*** Dataset excerpts ***
(* Under the hypotheses of the Simultaneous Polynomial Ergodicity theorem (Assumption (A), simultaneous polynomial drift $P_\gamma V\le V-cV^\alpha+b1_C$ for all $\gamma$ with $\alpha>2/3$ and $\sup_{x\in C}V(x)<\infty$), there exists $M<\infty$ such that for the AirMCMC chain started at $(X_0,\gamma_0)$, for all $n>0$ and all $m\ge M$, $$\mathbb P_{(X_0,\gamma_0)}\big(V^{2\alpha-1}(X_n)>m\big)\le M\,V(X_0)\,\frac{\log(1+m)}{m}.$$
   Context: Assumption (A): each $P_\gamma$ is $\pi$-invariant, $\pi$-irreducible, aperiodic, and $P_\gamma(x,\cdot)\ge\delta\nu(\cdot)$ for $x\in C$, all $\gamma$, with $\pi(C)>0$. $V:\mathcal X\to[1,\infty)$, $c>0$, $b<\infty$. AirMCMC chain: $(X_n,\gamma_n)$ with $\gamma_n$ produced by an arbitrary (possibly randomised) adaptation rule from the past; with lags $n_k$, $N_0=0$, $N_j=\sum_{k\le j}n_k$, for $N_j\le n<N_{j+1}$, conditionally on the past, $X_{n+1}\sim P_{\gamma_{N_j}}(X_n,\cdot)$. $\mathbb P_{(X_0,\gamma_0)}$ is its law started at $(X_0,\gamma_0)$. *)

From HB Require Import structures.
From mathcomp Require Import all_boot all_order all_algebra.
From mathcomp Require Import all_classical all_reals all_analysis measurable_realfun.
Set Implicit Arguments. Unset Strict Implicit. Unset Printing Implicit Defensive.
Import Order.TTheory GRing.Theory Num.Theory.
Import numFieldNormedType.Exports.
Local Open Scope classical_set_scope.
Local Open Scope ring_scope.

Definition kernel_family_measurable (R : realType)
  (dX dG : measure_display) (X : measurableType dX) (G : measurableType dG)
  (P : G -> X -> probability X R) : Prop :=
  forall A : set X, measurable A ->
    measurable_fun [set: X * G] (fun p : X * G => P p.2 p.1 A).

Fixpoint kpow (R : realType) (dX : measure_display) (X : measurableType dX)
  (Q : X -> probability X R) (n : nat) : X -> set X -> \bar R :=
  match n with
  | 0 => fun x A => \d_x A
  | S k => fun x A => (\int[Q x]_y kpow Q k y A)%E
  end.

Definition invariant (R : realType) (dX : measure_display) (X : measurableType dX)
  (Q : X -> probability X R) (pi : probability X R) : Prop :=
  forall A : set X, measurable A -> pi A = (\int[pi]_x Q x A)%E.

Definition irreducible (R : realType) (dX : measure_display) (X : measurableType dX)
  (Q : X -> probability X R) (pi : probability X R) : Prop :=
  forall A : set X, measurable A -> (0 < pi A)%E ->
    forall x : X, exists n : nat, (0 < n)%N /\ (0 < kpow Q n x A)%E.

(* aperiodicity (Roberts--Rosenthal convention): there is no d >= 2 and
   pairwise disjoint measurable sets D_0, ..., D_{d-1} of positive pi-measure
   with Q(x, D_{(i+1) mod d}) = 1 for all x in D_i. *)
Definition aperiodic (R : realType) (dX : measure_display) (X : measurableType dX)
  (Q : X -> probability X R) (pi : probability X R) : Prop :=
  ~ exists (d : nat) (D : nat -> set X),
      [/\ (2 <= d)%N,
          (forall i, (i < d)%N -> measurable (D i) /\ (0 < pi (D i))%E),
          (forall i j, (i < d)%N -> (j < d)%N -> i <> j -> D i `&` D j = set0)
        & (forall i, (i < d)%N -> forall x, D i x -> Q x (D ((i.+1) %% d)%N) = 1%E)].

Definition assumptionA (R : realType) (dX dG : measure_display)
  (X : measurableType dX) (G : measurableType dG)
  (P : G -> X -> probability X R) (pi : probability X R)
  (C : set X) (delta : R) (nu : probability X R) : Prop :=
  (forall g, invariant (P g) pi) /\
  (forall g, irreducible (P g) pi) /\
  (forall g, aperiodic (P g) pi) /\
  0 < delta /\
  (forall g x, C x -> forall A, measurable A -> ((delta%:E * nu A) <= P g x A)%E) /\
  measurable C /\
  (0 < pi C)%E.

Definition simultaneous_poly_drift (R : realType) (dX dG : measure_display)
  (X : measurableType dX) (G : measurableType dG)
  (P : G -> X -> probability X R) (V : X -> R) (c alpha b : R) (C : set X) : Prop :=
  forall g x, (\int[P g x]_y (V y)%:E <=
               (V x - c * V x `^ alpha + b * (\1_C x : R))%:E)%E.

(* N_j = n_1 + ... + n_j (so N_0 = 0); lags n_k for k >= 1. *)
Definition Ncum (lag : nat -> nat) (j : nat) : nat := (\sum_(1 <= k < j.+1) lag k)%N.

Definition sub_sigma (dO : measure_display) (O : measurableType dO)
  (F : set (set O)) : Prop :=
  sigma_algebra setT F /\ F `<=` measurable.

Definition measurable_wrt (dO dY : measure_display) (O : measurableType dO)
  (Y : measurableType dY) (F : set (set O)) (f : O -> Y) : Prop :=
  forall A : set Y, measurable A -> F (f @^-1` A).

(* The AirMCMC chain (X_n, gamma_n) on (Omega, Pr) with filtration F, lags
   lag, kernels P, started at (x0, g0); gamma_n is produced by an arbitrary
   (possibly randomised) rule from the past, i.e. is F_n-measurable. For
   N_j <= n < N_{j+1}, conditionally on F_n, X_{n+1} ~ P_{gamma_{N_j}}(X_n, .),
   expressed as: Pr(E /\ X_{n+1} in A) = E[1_E P_{gamma_{N_j}}(X_n, A)]
   for all E in F_n and measurable A. *)
Definition AirMCMC (R : realType) (dX dG dO : measure_display)
  (X : measurableType dX) (G : measurableType dG) (O : measurableType dO)
  (P : G -> X -> probability X R) (lag : nat -> nat)
  (Pr : probability O R) (F : nat -> set (set O))
  (Xs : nat -> O -> X) (gs : nat -> O -> G) (x0 : X) (g0 : G) : Prop :=
  (forall n, sub_sigma (F n)) /\
  (forall n, F n `<=` F n.+1) /\
  (forall n, measurable_wrt (F n) (Xs n)) /\
  (forall n, measurable_wrt (F n) (gs n)) /\
  (forall w, Xs 0%N w = x0) /\
  (forall w, gs 0%N w = g0) /\
  (forall j n, (Ncum lag j <= n < Ncum lag j.+1)%N ->
        forall A : set X, measurable A -> forall E : set O, F n E ->
          Pr (E `&` (Xs n.+1 @^-1` A)) =
          (\int[Pr]_(w in E) P (gs (Ncum lag j) w) (Xs n w) A)%E).

From HB Require Import structures.
From mathcomp Require Import all_boot all_order all_algebra.
From mathcomp Require Import all_classical all_reals all_analysis measurable_realfun.
From mathcomp Require Import ring lra.
Set Implicit Arguments. Unset Strict Implicit. Unset Printing Implicit Defensive.
Import Order.TTheory GRing.Theory Num.Theory.
Import numFieldNormedType.Exports. Import Num.Def.
Local Open Scope classical_set_scope.
Local Open Scope ring_scope.

(* Truncate the drift function: [f_y = min 1 (V / y)].  Along a schedule
   [y_0 < y_1 < ...] whose increments satisfy [y_{t+1} - y_t <= c y_{t+1}^alpha],
   the drift inequality gives [E f_{y_t}(X_{j+1}) <= E f_{y_{t+1}}(X_j) + B / y_t]
   whichever kernel [P_gamma] the adaptation has selected, since below
   [y_{t+1}] the loss [c V^alpha] compensates the growth of the schedule and on
   [C] the increase of [V] is at most [B].  Telescoping over [n] steps gives
   [E f_{y_0}(X_n) <= V(X_0) / y_n + B sum_t 1 / y_t].  For
   [y_t = (m^(1/(q+1)) + kap t)^(q+2)] with [q + 1 <= (q + 2) alpha] and
   [(2 alpha - 1)(q + 2) <= q + 1], which is possible because [alpha > 2/3],
   both terms are [O(1/m)], and [{V^(2 alpha - 1)(X_n) > m}] is contained in
   [{V(X_n) >= y_0}], whose probability is at most [E f_{y_0}(X_n)]. *)

Lemma subrXX_le (R : realType) (u w : R) n : 0 <= w -> w <= u ->
  u ^+ n.+1 - w ^+ n.+1 <= n.+1%:R * (u - w) * u ^+ n.
Proof.
move=> w0 wu; have u0 : 0 <= u := le_trans w0 wu.
elim: n => [|n IH]; first by rewrite !expr1 expr0 mul1r mulr1.
have wXu : w ^+ n.+1 <= u ^+ n.+1 by rewrite lerXn2r // nnegrE.
have -> : u ^+ n.+2 - w ^+ n.+2 = u * (u ^+ n.+1 - w ^+ n.+1) + w ^+ n.+1 * (u - w).
  by rewrite !exprS; ring.
have -> : n.+2%:R * (u - w) * u ^+ n.+1 =
    u * (n.+1%:R * (u - w) * u ^+ n) + u ^+ n.+1 * (u - w).
  by rewrite (natrD _ 1 n.+1) exprS; ring.
by rewrite lerD ?ler_wpM2l ?ler_wpM2r // subr_ge0.
Qed.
*** End of Dataset excerpts ***
Could you copy each line from the listing that has the word "conditionally" in it?

▶ **Result of the exercise**:
   Context: Assumption (A): each $P_\gamma$ is $\pi$-invariant, $\pi$-irreducible, aperiodic, and $P_\gamma(x,\cdot)\ge\delta\nu(\cdot)$ for $x\in C$, all $\gamma$, with $\pi(C)>0$. $V:\mathcal X\to[1,\infty)$, $c>0$, $b<\infty$. AirMCMC chain: $(X_n,\gamma_n)$ with $\gamma_n$ produced by an arbitrary (possibly randomised) adaptation rule from the past; with lags $n_k$, $N_0=0$, $N_j=\sum_{k\le j}n_k$, for $N_j\le n<N_{j+1}$, conditionally on the past, $X_{n+1}\sim P_{\gamma_{N_j}}(X_n,\cdot)$. $\mathbb P_{(X_0,\gamma_0)}$ is its law started at $(X_0,\gamma_0)$. *)
   N_j <= n < N_{j+1}, conditionally on F_n, X_{n+1} ~ P_{gamma_{N_j}}(X_n, .),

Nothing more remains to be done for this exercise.